Eapa2 Inhibitors
Eapa2 inhibitors are a class of chemical compounds known for their specific action on the enzyme Eapa2, a protein that plays a crucial role in cellular signaling pathways. These inhibitors function by binding to the active site or an allosteric site of Eapa2, thereby blocking its enzymatic activity and affecting its downstream signaling processes. Structurally, Eapa2 inhibitors exhibit diverse chemical scaffolds, allowing for a range of binding affinities and specificities. Their structures can vary from small organic molecules to larger peptide-based compounds, designed to interact precisely with the enzyme's binding pocket. This versatility in chemical structure allows for nuanced modulation of Eapa2's function, with some inhibitors demonstrating high specificity for Eapa2 over closely related enzymes. The inhibitory mechanism often depends on the nature of the inhibitor, with reversible and irreversible binding modes being observed.

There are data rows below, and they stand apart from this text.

(* Let $\Gamma=(V,m,\tau)$ be a weak $W$-graph and let $A\subseteq\Delta$. Then the kernel of the operator $Q(A)=\frac{1}{|W(A)|}\sum_{g\in W(A)}g$ acting on $\mathbb{C}V$ is exactly the span of $V(A,-)\cup V(A,0)$.
   Context: $W$ is a Weyl group with a fixed set $\Delta$ of simple roots; for a root $\alpha$, $s_\alpha$ is the reflection in the hyperplane orthogonal to $\alpha$. A weak $W$-graph is a triple $\Gamma=(V,m,\tau)$ where $V$ is a finite set, $m:V\times V\to\mathbb{C}$ is a map, and $\tau$ is a map from $V$ to the power set of $\Delta$, such that the linear maps $s_\alpha:\mathbb{C}V\to\mathbb{C}V$ ($\alpha\in\Delta$) given on basis vectors by $s_\alpha(v)=-v$ if $\alpha\in\tau(v)$ and $s_\alpha(v)=v-\sum_{u\in V,\ \alpha\in\tau(u)} m(u,v)u$ if $\alpha\notin\tau(v)$ define a representation of $W$ on $\mathbb{C}V$. For $A\subseteq\Delta$, $W(A)$ is the subgroup of $W$ generated by $\{s_\alpha:\alpha\in A\}$, and $V(A,-)=\{v\in V: A\subseteq\tau(v)\}$, $V(A,0)=\{v\in V: A\cap\tau(v)\neq\emptyset,\ A\not\subseteq\tau(v)\}$. *)

From HB Require Import structures.
From mathcomp Require Import all_boot all_order all_algebra all_fingroup.
From mathcomp Require Import mxrepresentation.
From mathcomp Require Import complex.
From mathcomp Require Import Rstruct.
From Stdlib Require Import Reals.
Set Implicit Arguments. Unset Strict Implicit. Unset Printing Implicit Defensive.
Import Order.TTheory GRing.Theory Num.Theory.
Local Open Scope ring_scope.

Notation RE := Rdefinitions.R.
Notation CC := (Rdefinitions.R[i]).

Definition dotv n (x y : 'rV[RE]_n) : RE := (x *m y^T) 0 0.

Definition refl_vec n (a x : 'rV[RE]_n) : 'rV[RE]_n :=
  x - ((2 * dotv x a) / dotv a a) *: a.

(* matrix of that reflection, acting on row vectors: x *m refl_mx a = refl_vec a x *)
Definition refl_mx n (a : 'rV[RE]_n) : 'M[RE]_n :=
  1%:M - ((2 / dotv a a) *: (a^T *m a)).

(* A (reduced, crystallographic) root system in 'rV[RE]_n, listed without repetition. *)
Definition is_root_system n (Phi : seq 'rV[RE]_n) : Prop :=
  [/\ uniq Phi /\ 0 \notin Phi,
      row_full (\matrix_(i < size Phi) nth 0 Phi i),
      {in Phi &, forall a b, refl_vec a b \in Phi},
      {in Phi &, forall a b, exists z : int, 2 * dotv b a / dotv a a = z%:~R}
    & {in Phi, forall a (c : RE), c *: a \in Phi -> c = 1 \/ c = -1}].

(* delta : 'I_l -> 'rV_n enumerates a base (set of simple roots) Delta of Phi. *)
Definition is_base n l (Phi : seq 'rV[RE]_n) (delta : 'I_l -> 'rV[RE]_n) : Prop :=
  [/\ injective delta, forall i, delta i \in Phi,
      row_free (\matrix_(i < l) delta i)
    & {in Phi, forall b, exists c : 'I_l -> int,
         b = \sum_(i < l) (c i)%:~R *: delta i /\
         ((forall i, 0 <= c i) \/ (forall i, c i <= 0))}].

(* W (a finite group) is, via act, isomorphic to the Weyl group of Phi, i.e. the
   group generated by all reflections s_a (a in Phi); s i is the simple
   reflection s_(delta i). *)
Definition weyl_realization n l (Phi : seq 'rV[RE]_n) (delta : 'I_l -> 'rV[RE]_n)
  (gT : finGroupType) (W : {group gT}) (s : 'I_l -> gT) (act : gT -> 'M[RE]_n) : Prop :=
  [/\ {in W &, injective act},
      {in W &, {morph act : x y / (x * y)%g >-> x *m y}},
      (forall i, s i \in W /\ act (s i) = refl_mx (delta i))
    & exists r : seq gT, (W :=: <<[set g in r]>>)%g /\ map act r = map (@refl_mx n) Phi].

Definition WA (gT : finGroupType) l (s : 'I_l -> gT) (A : {set 'I_l}) : {set gT} :=
  <<s @: A>>%g.

Section WGraph.
Variables (V : finType) (l : nat).

Definition bvec (v : V) : 'cV[CC]_#|V| := delta_mx (enum_rank v) 0.

(* matrix (acting on column vectors) of the linear map s_alpha on CV:
   column v is s_alpha(v) *)
Definition Smx (m : V -> V -> CC) (tau : V -> {set 'I_l}) (al : 'I_l) : 'M[CC]_#|V| :=
  \matrix_(i, j)
    let u := enum_val i in let v := enum_val j in
    if al \in tau v then (if u == v then -1 else 0)
    else (u == v)%:R - (if al \in tau u then m u v else 0).

(* rho is the representation of W on CV given by the weak W-graph (V,m,tau):
   a group homomorphism W -> GL(CV) with rho(s_alpha) = the map s_alpha above.
   (V,m,tau) is a weak W-graph iff such a rho exists; it is then unique. *)
Definition weak_W_graph_repr (gT : finGroupType) (W : {group gT}) (s : 'I_l -> gT)
  (m : V -> V -> CC) (tau : V -> {set 'I_l}) (rho : gT -> 'M[CC]_#|V|) : Prop :=
  mx_repr W rho /\ forall al, rho (s al) = Smx m tau al.

Definition VAminus (tau : V -> {set 'I_l}) (A : {set 'I_l}) : {set V} :=
  [set v | A \subset tau v].

Definition VAzero (tau : V -> {set 'I_l}) (A : {set 'I_l}) : {set V} :=
  [set v | (A :&: tau v != set0) && ~~ (A \subset tau v)].

Definition QA (gT : finGroupType) (s : 'I_l -> gT) (rho : gT -> 'M[CC]_#|V|)
  (A : {set 'I_l}) : 'M[CC]_#|V| :=
  (#|WA s A|%:R)^-1 *: \sum_(g in WA s A) rho g.

Definition in_span (S : {set V}) (x : 'cV[CC]_#|V|) : Prop :=
  exists c : V -> CC, x = \sum_(v in S) c v *: bvec v.

End WGraph.

From HB Require Import structures.
From mathcomp Require Import all_boot all_order all_algebra all_fingroup.
From mathcomp Require Import mxrepresentation complex Rstruct.
From Stdlib Require Import Reals.
Import Order.TTheory GRing.Theory Num.Theory.
Local Open Scope ring_scope.
Set Implicit Arguments. Unset Strict Implicit.

(* Let Q be the average of rho over W(A), and S = V(A,-) u V(A,0), the set of
   basis vectors v with A meeting tau(v).  If v is in S and al is in A and in
   tau(v), then s_al v = -v while Q s_al = Q, so Q v = 0.  Conversely, for al
   in A the matrix of s_al acts trivially on every coordinate u outside S
   (there al is not in tau(u)), so the coordinate projection P killing S
   satisfies P s_al = P.  Then P g = P for all g in W(A), hence P Q = P, and
   Q x = 0 gives P x = 0, i.e. x lies in the span of S. *)

Section Averaging.
Variables (F : numFieldType) (gT : finGroupType) (G H : {group gT}) (n : nat).
Variable rG : mx_representation F G n.
Hypothesis sHG : H \subset G.

Definition avg_mx : 'M[F]_n := (#|H|%:R)^-1 *: \sum_(g in H) rG g.

Lemma avg_mxMr h : h \in H -> avg_mx *m rG h = avg_mx.
Proof.
move=> Hh; rewrite /avg_mx -scalemxAl mulmx_suml; congr (_ *: _).
rewrite [RHS](reindex_inj (mulIg h)) /=; apply: eq_big => [g|g Hg].
  by rewrite groupMr.
by rewrite repr_mxM ?(subsetP sHG).
Qed.

Lemma mulmx_avg_stab m (U : 'M_(m, n)) : H \subset rstab rG U -> U *m avg_mx = U.
Proof.
move=> /subsetP stabU; rewrite /avg_mx -scalemxAr mulmx_sumr.
rewrite (eq_bigr (fun=> U)) => [|g /stabU]; last by rewrite inE => /andP[_ /eqP].
rewrite sumr_const -scaler_nat scalerA mulVf ?scale1r //.
by rewrite pnatr_eq0 -lt0n cardG_gt0.
Qed.

Lemma avg_mx_anti_fixed h (y : 'cV_n) : h \in H -> rG h *m y = - y -> avg_mx *m y = 0.
Proof.
move=> Hh anti_y; have : avg_mx *m y = - (avg_mx *m y).
  by rewrite -{1}(avg_mxMr Hh) -mulmxA anti_y mulmxN.
by move/eqP; rewrite -addr_eq0 -mulr2n -scaler_nat scaler_eq0 pnatr_eq0 => /eqP.
Qed.

End Averaging.

Section WGraphOperators.
Variables (V : finType) (l : nat) (m : V -> V -> CC) (tau : V -> {set 'I_l}).

Definition proj_compl_mx (S : {set V}) : 'M[CC]_#|V| :=
  diag_mx (\row_i (enum_val i \notin S)%:R).

Lemma proj_compl_in_span (S : {set V}) x : proj_compl_mx S *m x = 0 -> in_span S x.
Proof.
move=> Px0; exists (fun v => x (enum_rank v) 0).
apply/matrixP => i j; rewrite !ord1 summxE.
under eq_bigr => v _.
  rewrite !mxE andbT -[i in i == _]enum_valK (inj_eq enum_rank_inj) eq_sym.
  over.
have [iS|iS] := boolP (enum_val i \in S).
  rewrite (bigD1 (enum_val i)) //= eqxx mulr1 enum_valK big1 ?addr0 //.
  by move=> v /andP[_ /negbTE ->]; rewrite mulr0.
rewrite big1 => [|v vS]; last by case: eqP vS iS => [->->|_] //; rewrite mulr0.
by move/matrixP/(_ i 0): Px0; rewrite mul_diag_mx !mxE iS mul1r.
Qed.

Lemma Smx_bvec al v : al \in tau v -> Smx m tau al *m bvec v = - bvec v.
Proof.
move=> hal; rewrite /bvec -colE; apply/matrixP => i j.
rewrite ord1 !mxE /= enum_rankK hal andbT.
case: eqP => [<-|ne]; first by rewrite enum_valK eqxx.
case: (i =P enum_rank v) => [e|]; last by rewrite mulr0n oppr0.
by case: ne; rewrite e enum_rankK.
Qed.

Lemma proj_compl_Smx (S : {set V}) al :
  (forall u, u \notin S -> al \notin tau u) ->
  proj_compl_mx S *m Smx m tau al = proj_compl_mx S.
Proof.
move=> outS; apply/matrixP => i j; rewrite mul_diag_mx !mxE /=.
have [iS|/outS al_i] := boolP (enum_val i \in S); first by rewrite mul0r mul0rn.
rewrite mul1r (negbTE al_i) subr0 (inj_eq enum_val_inj).
by case: eqVneq => [<-|_]; rewrite ?(negbTE al_i) //; case: ifP.
Qed.

Lemma mem_VAminus_zero A v : A != set0 ->
  (v \in VAminus tau A :|: VAzero tau A) = (A :&: tau v != set0).
Proof.
move=> A0; rewrite !inE; have [/setIidPl -> //|_] := boolP (A \subset tau v).
by rewrite andbT.
Qed.

End WGraphOperators.

Theorem proposition2p6
  (n l : nat) (Phi : seq 'rV[RE]_n) (delta : 'I_l -> 'rV[RE]_n)
  (gT : finGroupType) (W : {group gT}) (s : 'I_l -> gT) (act : gT -> 'M[RE]_n)
  (HPhi : is_root_system Phi) (HDelta : is_base Phi delta)
  (HW : weyl_realization Phi delta W s act)
  (V : finType) (m : V -> V -> CC) (tau : V -> {set 'I_l})
  (rho : gT -> 'M[CC]_#|V|) (Hrho : weak_W_graph_repr W s m tau rho)
  (A : {set 'I_l}) (HA : A != set0) :
  forall x : 'cV[CC]_#|V|,
    QA s rho A *m x = 0 <-> in_span (VAminus tau A :|: VAzero tau A) x.
Proof.
move=> x; case: Hrho => rho_repr rhoS; case: HW => _ _ sW _.
pose rG := MxRepresentation rho_repr.
pose H := [group of WA s A].
have sHW : H \subset W.
  by rewrite gen_subG; apply/subsetP => _ /imsetP[al _ ->]; case: (sW al).
have QE : QA s rho A = avg_mx H rG by [].
set S := VAminus tau A :|: VAzero tau A.
have memS v : (v \in S) = (A :&: tau v != set0) := mem_VAminus_zero tau v HA.
split => [Qx0|[c ->]].
  apply: proj_compl_in_span.
  have stabH : H \subset rstab rG (proj_compl_mx S).
    rewrite gen_subG; apply/subsetP => _ /imsetP[al Aal ->].
    rewrite inE (proj1 (sW al)) /= rhoS proj_compl_Smx // => u.
    rewrite memS; apply: contraNN => al_u; apply/set0Pn; exists al.
    by rewrite inE Aal.
  by rewrite -(mulmx_avg_stab stabH) -mulmxA -QE Qx0 mulmx0.
rewrite mulmx_sumr big1 // => v; rewrite memS => /set0Pn[al].
rewrite inE => /andP[Aal al_v]; rewrite -scalemxAr QE.
rewrite (avg_mx_anti_fixed (rG := rG) (h := s al) sHW) ?scaler0 ?mem_gen ?imset_f //=.
by rewrite rhoS Smx_bvec.
Qed.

The biological relevance of Eapa2 inhibitors lies in their ability to modulate pathways that are otherwise regulated by the Eapa2 enzyme. Inhibition of Eapa2 can lead to altered phosphorylation states of various cellular substrates, impacting a range of cellular processes such as signal transduction, cell cycle progression, and metabolic regulation. The specificity of these inhibitors often depends on their molecular configuration, allowing for selective targeting of Eapa2 without significantly affecting other enzymes in the same family. In research settings, Eapa2 inhibitors are valuable tools for studying the role of Eapa2 in cell biology, providing insights into how the enzyme's activity influences cellular responses to environmental stimuli. Moreover, their ability to regulate Eapa2 activity has been pivotal in advancing our understanding of the enzyme's function within complex signaling networks, offering a window into the intricate control mechanisms within cells.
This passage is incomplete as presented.